Huxley died at the age of sixty-nine in 1963, the same day that John F. Kennedy was assassinated. There is about the life and death of the English author and intellectual the sense of the dashing of high hopes, analogous to the early death of the American President. Huxley advanced from being a nihilist in his youth to a psychedelicist in his age. Where would the next twenty or thirty years have taken him? Perhaps to the altar of the nearest Episcopal church. The question is unanswerable.

The jury is still out about which genre is the best for Huxley.
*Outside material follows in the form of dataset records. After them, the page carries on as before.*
(* The support of Zt beta equals that of beta only propositionally, while the
   dimensions of the matrices in the criterion depend on it.  We therefore
   restate the criterion with the active set A as a parameter; at
   A := support beta it is convertible to the one of Defs. *)
Section ActiveSetCriterion.
Variables (R : realType) (n p : nat) (A : {set 'I_p}).

Definition idx_on (j : 'I_#|A|) : 'I_p := enum_val j.
Definition idx_off (j : 'I_#|~: A|) : 'I_p := enum_val j.

Variables (lam : R) (X : 'M[R]_(n, p)) (b : 'cV[R]_p).

Definition F_on : 'M[R]_(n, #|A|) := colsub idx_on (Fmat X).
Definition F_off : 'M[R]_(n, #|~: A|) := colsub idx_off (Fmat X).
Definition C_on : 'M[R]_#|A| := mxsub idx_on idx_on (Cmat X).
Definition C_offon : 'M[R]_(#|~: A|, #|A|) := mxsub idx_off idx_on (Cmat X).
Definition V_on : 'M[R]_#|A| := mxsub idx_on idx_on (Vmat X).
Definition V_on_half : 'M[R]_#|A| :=
  \matrix_(i, j) ((i == j)%:R * Num.sqrt (V_on i i)).
Definition beta_on : 'cV[R]_#|A| := rowsub idx_on b.
Definition z_on : 'cV[R]_#|A| := \col_j Num.sg (beta_on j 0).
Definition Z_on : 'M[R]_#|A| := diag_mx z_on^T.
Definition P_on : 'M[R]_n := F_on *m invmx (F_on^T *m F_on) *m F_on^T.

Definition u_on (e : 'cV[R]_n) : 'cV[R]_#|A| :=
  - ((Num.sqrt n%:R)^-1 *: (Z_on *m invmx C_on *m F_on^T *m e))
  + lam_n n lam *: (Z_on *m invmx C_on *m z_on).
Definition v_on (e : 'cV[R]_n) : 'cV[R]_#|~: A| :=
  (Num.sqrt n%:R)^-1 *: (F_off^T *m (1%:M - P_on) *m e)
  + lam_n n lam *: (C_offon *m invmx C_on *m z_on).

Definition S_on : set 'cV[R]_n :=
  [set e | forall j,
    u_on e j 0 < (Num.sqrt n%:R *: (Z_on *m V_on_half *m beta_on)) j 0].
Definition I_on : set 'cV[R]_n := [set e | forall j, `|v_on e j 0| <= lam_n n lam].

End ActiveSetCriterion.

Lemma phi_critE (R : realType) n p lam (X : 'M[R]_(n, p)) b :
  phi_crit lam X b
  = gauss_prob (S_on (Defs.support b) lam X b `&` I_on (Defs.support b) lam X b).
Proof. by []. Qed.

Lemma admissibleE (R : realType) n p (X : 'M[R]_(n, p)) b :
  admissible X b = (is_design X /\ C_on (Defs.support b) X \in unitmx
                    /\ forall j, 0 < V_on (Defs.support b) X j j).
Proof. by []. Qed.

Section FlipOnActiveSet.
Variables (R : realType) (n p : nat) (A : {set 'I_p}) (s : 'rV[R]_p).
Hypothesis s_sign : sign_vector s.
Local Notation Z := (diag_mx s).
Local Notation sA := (colsub (@idx_on p A) s).
Local Notation ZA := (diag_mx sA).
Local Notation ZI := (diag_mx (colsub (@idx_off p A) s)).

Let sA_sign : sign_vector sA := sign_vector_colsub _ s_sign.
Let ZA_mul_self : ZA *m ZA = 1%:M := diag_sign_mulmx_self sA_sign.

Lemma F_on_flip (X : 'M[R]_(n, p)) : F_on A (X *m Z) = F_on A X *m ZA.
Proof. by rewrite /F_on Fmat_flip // colsub_mul_diag. Qed.

Lemma F_off_flip (X : 'M[R]_(n, p)) : F_off A (X *m Z) = F_off A X *m ZI.
Proof. by rewrite /F_off Fmat_flip // colsub_mul_diag. Qed.

Lemma C_on_flip (X : 'M[R]_(n, p)) : C_on A (X *m Z) = ZA *m C_on A X *m ZA.
Proof. by rewrite /C_on Cmat_flip // mxsub_diag_conj. Qed.

Lemma C_offon_flip (X : 'M[R]_(n, p)) :
  C_offon A (X *m Z) = ZI *m C_offon A X *m ZA.
Proof. by rewrite /C_offon Cmat_flip // mxsub_diag_conj. Qed.
Lemma super_solution_moment_le (h : R -> {finite_measure set R -> \bar R}) (phi : R -> R)
    (t0 t : R) :
  super_solution h -> test_fun phi -> 0 <= t0 -> t0 <= t ->
  moment h phi t0 <= moment h phi t.
Proof.
move=> [_ hs] phi_test t00 t0t; have [acf ae] := hs phi phi_test.
(* The point [0] is added because the super-solution inequality is only known for [tau > 0]. *)
pose bad := ~` [set tau | 0 < tau ->
  derivable (moment h phi) tau 1 /\ (Q32 phi (h tau) <= (derive1 (moment h phi) tau)%:E)%E].
apply: (@abs_cont_derive1_ge0_le _ _ _ _ (bad `|` [set 0])) => //.
- exact: abs_cont_onS t00 (lexx t) (acf t (le_trans t00 t0t)).
- apply: negligibleU => //.
  by apply/negligibleP; [exact: measurable_set1 | exact: lebesgue_measure_set1].
move=> x /andP[t0x _] /not_orP[/contrapT good /eqP x0].
have x_gt0 : 0 < x by rewrite lt_def x0 (le_trans t00 t0x).
have [dx Q32_le] := good x_gt0.
split => //; rewrite -lee_fin; apply: le_trans Q32_le.
exact: Q32_ge0 phi_test.2.1.
Qed.

End super_solution_moments.

Theorem mainTheorem11 (R : realType) (h : R -> {finite_measure set R -> \bar R}) :
  super_solution h ->
  forall (Rr theta tau0 tau : R), 0 < Rr -> 0 < theta < 1 ->
    0 <= tau0 -> tau0 <= tau ->
    (h tau [set` `[0, Rr]%R] >= (1 - theta)%:E * h tau0 [set` `[0, theta * Rr]%R])%E.
Proof.
move=> hs r th t0 t r0 /andP[th0 th1] t00 t0t.
set A := h t _; set B := h t [set` `]r, +oo[%R]; set C := h t0 _.
have [finA finB finC] : [/\ A \is a fin_num, B \is a fin_num & C \is a fin_num].
  by split; apply: fin_num_measure.
have moment_bound d : 0 < d -> ((2 * (1 - th) * r)%:E * C <= (2 * r + d)%:E * A + d%:E * B)%E.
  move=> d0; have := super_solution_moment_le h _ t0 t hs (test_fun_ramp r d d0) t00 t0t.
  rewrite -lee_fin !moment_ramp // => mono.
  have th01 : 0 <= th <= 1 by rewrite !ltW.
  exact: le_trans (ramp_integral_ge r0 d0 th th01) (le_trans mono (ramp_integral_le r0 d0)).
have r2 : 0 < 2 * r by rewrite mulr_gt0.
rewrite -(fineK finA) -(fineK finC) -EFinM lee_fin -(ler_pM2l r2).
apply: (@ler_of_linear_slack _ _ _ (fine A + fine B)).
  by rewrite addr_ge0 ?fine_ge0 ?measure_ge0.
move=> d d0; move: (moment_bound d d0).
rewrite -(fineK finA) -(fineK finB) -(fineK finC) -!EFinM -EFinD lee_fin.
nra.
Qed.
Was he finer as a literary artist (remember Point Counterpoint and Brave New World, the novels that ensured his reputation) or was he finer as a literary essayist (required reading in the 1950s was The Doors of Perception and Heaven and Hell, short memoirs that did so much to mark the coming of age of the psychedelic revolution of the late Fifties and early Sixties)? It matters little, but accompanying his migration from England to California was his move from the ironic to the mythic levels of discourse, almost as a matter of course.

Everyone interested in consciousness studies has heard of his study called The Perennial Philosophy. It bears such a prescient and memorable title. His use of the title has pre-empted its use by any other author, neuropsychologist, Traditionalist, or enthusiast for the New Age. The book so nobly named did much to romanticize the notion of “perennialism” and to cast into the shade such long-established timid Christian notions of “ecumenicism” (Protestants dialoguing with Catholics, etc.) or “inter-faith” meetings (Christians encountering non-Christians, etc.). Who would cared about the beliefs of Baptists when one could care about the practices of Tibetans?
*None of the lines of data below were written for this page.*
(* The strong substitutes property is not sufficient to guarantee that a Walrasian equilibrium on the original items is a price-match equilibrium: there exists a combinatorial auction in which every bidder's valuation satisfies the strong substitutes property and a Walrasian equilibrium on the original items exists, but no Walrasian equilibrium on the original items is a price-match equilibrium.
   Context: Combinatorial auction: item types $j$ with supply $c_j\in\mathbb Z_{\ge1}$; bidders $\mathcal I$ with valuations $v_i$ on bundles $a\in\mathbb Z^J_{\ge0}$, $a\le c$ (normalized, monotone), expressed as bids (bundle, amount) with at most one accepted bid per bidder; bids are truthful. A feasible allocation assigns disjoint-supply-respecting bundles; $x^*$ is an efficient allocation with bundles $a^{i*}$. Linear prices $p\in\mathbb R^J_{\ge0}$; a Walrasian equilibrium on the original items (no artificial items) is $(x^*,p)$ such that each bidder's bundle $a^{i*}$ maximizes $v_i(a)-p\,a$ over bundles, and $p_j=0$ for any item in excess supply under $x^*$. It is a price-match equilibrium if for every bidder $i$ there is a feasible allocation of bundles to the other bidders (one accepted bid each) such that each of them has value at least the price of her bundle, and the total price of the allocated bundles equals $\sum_{i}p\,a^{i*}$. A valuation satisfies gross substitutes (for unique items) if for price vectors $p\le q$ and any $S$ in the demand set at $p$ there is $T$ in the demand set at $q$ containing every $j\in S$ with $p_j=q_j$; it satisfies strong substitutes if it satisfies gross substitutes when every unit of every item type is treated as a distinct item. *)

From HB Require Import structures.
From mathcomp Require Import all_boot all_order all_algebra.
From mathcomp Require Import reals.
Set Implicit Arguments. Unset Strict Implicit. Unset Printing Implicit Defensive.
Import Order.TTheory GRing.Theory Num.Theory.
Local Open Scope ring_scope.

Section Auction.
Variable R : realType.

Definition set_demand (U : finType) (v : {set U} -> R) (q : U -> R) (S : {set U}) :=
  forall T : {set U}, v T - \sum_(u in T) q u <= v S - \sum_(u in S) q u.

Definition gross_substitutes (U : finType) (v : {set U} -> R) :=
  forall q q' : U -> R, (forall u, 0 <= q u) -> (forall u, q u <= q' u) ->
  forall S, set_demand v q S ->
  exists T, set_demand v q' T /\ (forall u, u \in S -> q u = q' u -> u \in T).

Variable J : finType.
Variable c : J -> nat.

Definition bundle := {ffun J -> nat}.
Definition bundle_le (a b : bundle) := forall j, (a j <= b j)%N.
Definition bundle_leb (a b : bundle) : bool := [forall j, (a j <= b j)%N].
Definition cap : bundle := [ffun j => c j].
Definition zero_bundle : bundle := [ffun _ => 0%N].

(* Units: each unit of each item type treated as a distinct item. *)
Definition unit_item := {j : J & 'I_(c j)}.
Definition count_bundle (S : {set unit_item}) : bundle :=
  [ffun j => #|[set u in S | tag u == j]|].

Definition strong_substitutes (v : bundle -> R) :=
  gross_substitutes (fun S : {set unit_item} => v (count_bundle S)).

Definition price (p : J -> R) (a : bundle) : R := \sum_j p j * (a j)%:R.

Variable I : finType.
Variable bids : I -> seq (bundle * R).

(* XOR valuation expressed by the bids (at most one accepted bid). *)
Definition xorval (i : I) (a : bundle) : R :=
  \big[Num.max/0]_(bx <- bids i | bundle_leb bx.1 a) bx.2.

Definition well_formed_auction :=
  (forall j, (0 < c j)%N) /\
  (forall i bx, bx \in bids i -> bundle_le bx.1 cap) /\
  (forall i, xorval i zero_bundle = 0) /\
  (forall i a b, bundle_le a b -> xorval i a <= xorval i b) /\
  (forall i bx, bx \in bids i -> xorval i bx.1 = bx.2).

Definition feasible (x : I -> bundle) := forall j, (\sum_i x i j <= c j)%N.

Definition welfare (x : I -> bundle) : R := \sum_i xorval i (x i).

Definition efficient (x : I -> bundle) :=
  feasible x /\ forall y, feasible y -> welfare y <= welfare x.

Definition walrasian_eq (x : I -> bundle) (p : J -> R) :=
  efficient x /\ (forall j, 0 <= p j) /\
  (forall i a, bundle_le a cap ->
     xorval i a - price p a <= xorval i (x i) - price p (x i)) /\
  (forall j, (\sum_i x i j < c j)%N -> p j = 0).

Definition price_match (x : I -> bundle) (p : J -> R) :=
  forall i, exists y : I -> bundle,
    feasible y /\ y i = zero_bundle /\
    (forall k, k != i ->
       (y k = zero_bundle \/ exists amt, (y k, amt) \in bids k) /\
       price p (y k) <= xorval k (y k)) /\
    \sum_k price p (y k) = \sum_k price p (x k).

End Auction.

(* One item type in supply 2 and two bidders: an additive bidder valuing each
   unit at 2, and a unit-demand bidder valuing a single unit at 1.  Both
   valuations are strong substitutes.  Efficiency gives both units to the
   additive bidder, and a Walrasian price p must satisfy p >= 1, otherwise the
   unit-demand bidder would buy.  Price matching for the additive bidder
   requires the other bidder to be allocated one of her bids at total price
   2p, yet her only bid is for a single unit, worth p < 2p. *)
From HB Require Import structures.
From mathcomp Require Import all_boot all_order all_algebra.
From mathcomp Require Import reals.
From mathcomp Require Import lra zify.
Set Implicit Arguments. Unset Strict Implicit. Unset Printing Implicit Defensive.
Import Order.TTheory GRing.Theory Num.Theory.
Local Open Scope ring_scope.

Section GrossSubstitutes.
Variables (R : realType) (U : finType).
Implicit Types (v w : {set U} -> R) (q : U -> R).

Lemma set_demand_exists v q : exists S, set_demand v q S.
Proof.
have [S _ maxS] := @arg_maxP _ _ {set U} set0 predT
  (fun S => v S - \sum_(u in S) q u) erefl.
by exists S => T; apply: maxS.
Qed.

Lemma eq_gross_substitutes v w : v =1 w ->
  gross_substitutes v -> gross_substitutes w.
Proof.
move=> vw gsv q q' q_ge0 le_qq' S demS.
have demvS : set_demand v q S by move=> T; rewrite !vw; apply: demS.
have [T [demT keepT]] := gsv q q' q_ge0 le_qq' S demvS.
by exists T; split=> // T'; rewrite -!vw; apply: demT.
Qed.

Lemma additive_gross_substitutes (a : U -> R) :
  gross_substitutes (fun S => \sum_(u in S) a u).
Proof.
move=> q q' _ _ S demS.
have surplusE r (T : {set U}) :
    \sum_(u in T) a u - \sum_(u in T) r u = \sum_(u in T) (a u - r u).
  by rewrite sumrB.
exists [set u | 0 <= a u - q' u]; split=> [T|u Su qq'u].
  rewrite !surplusE [leRHS]big_mkcond [leLHS]big_mkcond /=.
  apply: ler_sum => u _; rewrite inE.
  by case: (u \in T); case: (lerP 0 (a u - q' u)) => // /ltW.
rewrite inE -qq'u.
by have := demS (S :\ u); rewrite !surplusE (big_setD1 u Su) /= -subr_ge0 addrK.
Qed.

Lemma unit_demand_gross_substitutes (b : R) :
  gross_substitutes (fun S : {set U} => if S == set0 then 0 else b).
Proof.
move=> q q' q_ge0 le_qq' S demS.
set v := fun S : {set U} => if S == set0 then 0 else b.
set Seq := [set u in S | q u == q' u].
have SeqP u : u \in S -> q u = q' u -> u \in Seq.
  by move=> Su qq'u; rewrite inE Su qq'u eqxx.
have [Seq0 | Seq_neq0] := eqVneq Seq set0.
  have [T demT] := set_demand_exists v q'.
  by exists T; split=> // u Su /(SeqP u Su); rewrite Seq0 inE.
exists Seq; split=> // T.
have sub_SeqS : Seq \subset S by apply/subsetP=> u; rewrite inE => /andP[].
have S_neq0 : S != set0.
  by apply: contraNneq Seq_neq0 => S0; apply/eqP/setP=> u; rewrite !inE S0 inE.
have qSeq : \sum_(u in Seq) q' u = \sum_(u in Seq) q u.
  by apply: eq_bigr => u; rewrite inE => /andP[_ /eqP].
apply: le_trans (le_trans (demS T) _); first by rewrite lerB // ler_sum.
rewrite /v (negbTE Seq_neq0) (negbTE S_neq0) lerB // qSeq.
rewrite [leRHS](big_setID Seq) /= (setIidPr sub_SeqS).
by rewrite lerDl sumr_ge0.
Qed.

End GrossSubstitutes.

Lemma card_unit_item (J : finType) (c : J -> nat) :
  #|{: unit_item c}| = (\sum_j c j)%N.
Proof.
rewrite card_tagged sumnE big_map big_enum.
by apply: eq_bigr => j _; rewrite card_ord.
Qed.

Section OneItemType.
Variables (R : realType) (c : unit -> nat).

Lemma count_bundle_unit (S : {set unit_item c}) : count_bundle S tt = #|S|.
Proof. by rewrite ffunE; apply: eq_card => -[[] i]; rewrite inE eqxx andbT. Qed.

Lemma card_set_unit_item (S : {set unit_item c}) : (#|S| <= c tt)%N.
Proof.
by rewrite (leq_trans (max_card S)) // card_unit_item (big_pred1 tt) // => -[].
Qed.

Lemma price_unit (p : unit -> R) (a : bundle unit) :
  price p a = p tt * (a tt)%:R.
Proof. by rewrite /price (big_pred1 tt) // => -[]. Qed.

End OneItemType.

Section Example.
Variable R : realType.

Definition units (k : nat) : bundle unit := [ffun=> k].

Definition ex_cap : unit -> nat := fun=> 2%N.

(* Bidder [true] is the additive bidder, bidder [false] the unit-demand one. *)
Definition ex_bids : bool -> seq (bundle unit * R) := fun i =>
  if i then [:: (units 1, 2%:R); (units 2, 4%:R)] else [:: (units 1, 1)].

Definition ex_alloc : bool -> bundle unit := fun i => units (if i then 2 else 0).

Lemma bundle_leb_units k (a : bundle unit) : bundle_leb (units k) a = (k <= a tt)%N.
Proof. by apply/forallP/idP => [/(_ tt)|le_ka []]; rewrite ffunE. Qed.

Lemma xorval_unit_demand a : xorval ex_bids false a = (minn (a tt) 1)%:R.
Proof.
rewrite /xorval big_cons big_nil bundle_leb_units.
by case: (a tt) => [|n] //=; rewrite max_l ?ler01 // (minn_idPr (ltn0Sn n)).
Qed.

Lemma xorval_additive a : xorval ex_bids true a = (2 * minn (a tt) 2)%:R.
Proof.
rewrite /xorval !big_cons big_nil !bundle_leb_units.
case: (a tt) => [|[|n]] //=.
  by rewrite max_l ?ler0n.
by rewrite (max_l (ler0n _ 4)) max_r ?ler_nat // (minn_idPr (leq_addl n 2)).
Qed.

Lemma ex_welfare y :
  welfare ex_bids y = (2 * minn (y true tt) 2 + minn (y false tt) 1)%:R.
Proof. by rewrite /welfare big_bool xorval_additive xorval_unit_demand natrD. Qed.

Lemma ex_feasibleP y : feasible ex_cap y <-> (y true tt + y false tt <= 2)%N.
Proof. by rewrite /feasible; split=> [/(_ tt)|le_y2 []]; rewrite big_bool. Qed.

Lemma ex_bidsP i bx : bx \in ex_bids i ->
  exists2 k, (k <= 2)%N & bx = (units k, xorval ex_bids i (units k)).
Proof.
case: i; rewrite !inE.
  by case/orP=> /eqP ->; [exists 1%N | exists 2%N]; rewrite // xorval_additive ffunE.
by move=> /eqP ->; exists 1%N; rewrite // xorval_unit_demand ffunE.
Qed.

Lemma ex_well_formed : well_formed_auction ex_cap ex_bids.
Proof.
split=> //; split; first by move=> i bx /ex_bidsP[k le_k2 ->] []; rewrite !ffunE.
split; first by case; rewrite ?xorval_additive ?xorval_unit_demand ffunE.
split; last by move=> i bx /ex_bidsP[k _ ->].
move=> [] a b /(_ tt);
  rewrite ?xorval_additive ?xorval_unit_demand ler_nat; move: (a tt) (b tt); lia.
Qed.

Lemma ex_strong_substitutes i : strong_substitutes ex_cap (xorval ex_bids i).
Proof.
case: i; rewrite /strong_substitutes.
  apply: (eq_gross_substitutes _ (additive_gross_substitutes (a := fun=> 2%:R))) => S.
  rewrite xorval_additive count_bundle_unit sumr_const.
  have /minn_idPl -> : (#|S| <= 2)%N := card_set_unit_item S.
  by rewrite natrM mulr_natr.
apply: (eq_gross_substitutes _ (unit_demand_gross_substitutes (b := 1))) => S.
rewrite xorval_unit_demand count_bundle_unit.
have [-> | S_neq0] := eqVneq S set0; first by rewrite cards0.
by have /minn_idPr -> : (1 <= #|S|)%N by rewrite card_gt0.
Qed.

Lemma ex_alloc_efficient : efficient ex_cap ex_bids ex_alloc.
Proof.
split=> [|y /ex_feasibleP]; first by apply/ex_feasibleP; rewrite !ffunE.
by rewrite !ex_welfare !ffunE ler_nat; move: (y true tt) (y false tt); lia.
Qed.

Lemma efficient_ex_allocE x : efficient ex_cap ex_bids x ->
  x true tt = 2%N /\ x false tt = 0%N.
Proof.
move=> [/ex_feasibleP feas_x /(_ _ (proj1 ex_alloc_efficient))].
rewrite !ex_welfare !ffunE ler_nat.
by move: (x true tt) (x false tt) feas_x; lia.
Qed.

Lemma ex_walrasian : walrasian_eq ex_cap ex_bids ex_alloc (fun=> 1).
Proof.
split; first exact: ex_alloc_efficient.
split=> //; split; last by move=> j; rewrite big_bool !ffunE.
move=> [] a /(_ tt); rewrite !ffunE /ex_cap => le_a2;
  rewrite ?xorval_additive ?xorval_unit_demand !price_unit !mul1r !ffunE.
  rewrite (minn_idPl le_a2) minnn !natrM.
  have : (a tt)%:R <= 2 :> R by rewrite ler_nat.
  lra.
by rewrite (minn_idPl (leq0n 1)) subr0 subr_le0 ler_nat geq_minl.
Qed.

Lemma walrasian_price_ge1 x p : walrasian_eq ex_cap ex_bids x p -> 1 <= p tt.
Proof.
move=> [eff_x [_ [util_x _]]].
have [_ x_false] := efficient_ex_allocE eff_x.
have units1_le_cap : bundle_le (units 1) (cap ex_cap) by case; rewrite !ffunE.
have := util_x false _ units1_le_cap.
rewrite !xorval_unit_demand !price_unit x_false !ffunE.
rewrite minnn (minn_idPl (leq0n 1)) mulr0 mulr1.
lra.
Qed.

Lemma ex_not_price_match x p :
  walrasian_eq ex_cap ex_bids x p -> ~ price_match ex_cap ex_bids x p.
Proof.
move=> walras_xp /(_ true) [y [_ [y_true [/(_ false erefl) [y_false _] sum_y]]]].
have p_ge1 := walrasian_price_ge1 walras_xp.
have [x_true x_false] := efficient_ex_allocE (proj1 walras_xp).
have y_false_le1 : (y false tt)%:R <= 1 :> R.
  case: y_false => [->|[amt]]; last rewrite inE => /eqP[->].
    by rewrite ffunE ler01.
  by rewrite ffunE.
move: sum_y; rewrite !big_bool /= !price_unit y_true x_true x_false ffunE.
have : 0 <= (y false tt)%:R :> R by apply: ler0n.
nra.
Qed.

End Example.

Theorem corollary4 (R : realType) :
  exists (J I : finType) (c : J -> nat) (bids : I -> seq (bundle J * R)),
    well_formed_auction c bids /\
    (forall i, strong_substitutes c (xorval bids i)) /\
    (exists x p, walrasian_eq c bids x p) /\
    (forall x p, walrasian_eq c bids x p -> ~ price_match c bids x p).
Proof.
exists unit, bool, ex_cap, (ex_bids R).
split; first exact: ex_well_formed.
split; first exact: ex_strong_substitutes.
split; first by exists ex_alloc, (fun=> 1); apply: ex_walrasian.
exact: ex_not_price_match.
Qed.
Huxley did his best to popularize serious speculation about the nature of man and the constitution of the universe, largely prompted by such speculations found in Vedanta. He was marked by his mid-life study of texts basic to Buddhism, Hinduism, Islam, and Christian mysticism. He knew about shamanism and perhaps about sorcery, alchemy, witchcraft, or wicca, but these aspects of his inquiries went unnoticed in his text. The New Age had yet to dawn.

What precisely is what he calls “the perennial philosophy”? Huxley answers this broad question in an even broader way on the first page of the Introduction to his book. His answer is surprisingly wordy, though his exposition is characteristically well organized. Here goes: “Philosophia Perennis – the phrase was coined by Leibniz; but the thing – the metaphysic that recognizes a divine Reality substantial to the world of things and lives and minds; the psychology that finds in the soul something similar to, or even identical with, divine Reality; the ethic that places man’s final end in the knowledge of the immanent and transcendent Ground of all being – the thing is immemorial and universal.

“Rudiments of the Perennial Philosophy may be found among the traditionary lore of primitive peoples in every region of the world, and in its fully developed forms it has a place in every one of the higher religions. A version of this Highest Common Factor in all preceding and subsequent theologies was first committed to writing more than twenty-five centuries ago, and since that time the inexhaustible theme has been treated again and again, from the standpoint of every religious tradition and in all the principal languages of Asia and Europe.”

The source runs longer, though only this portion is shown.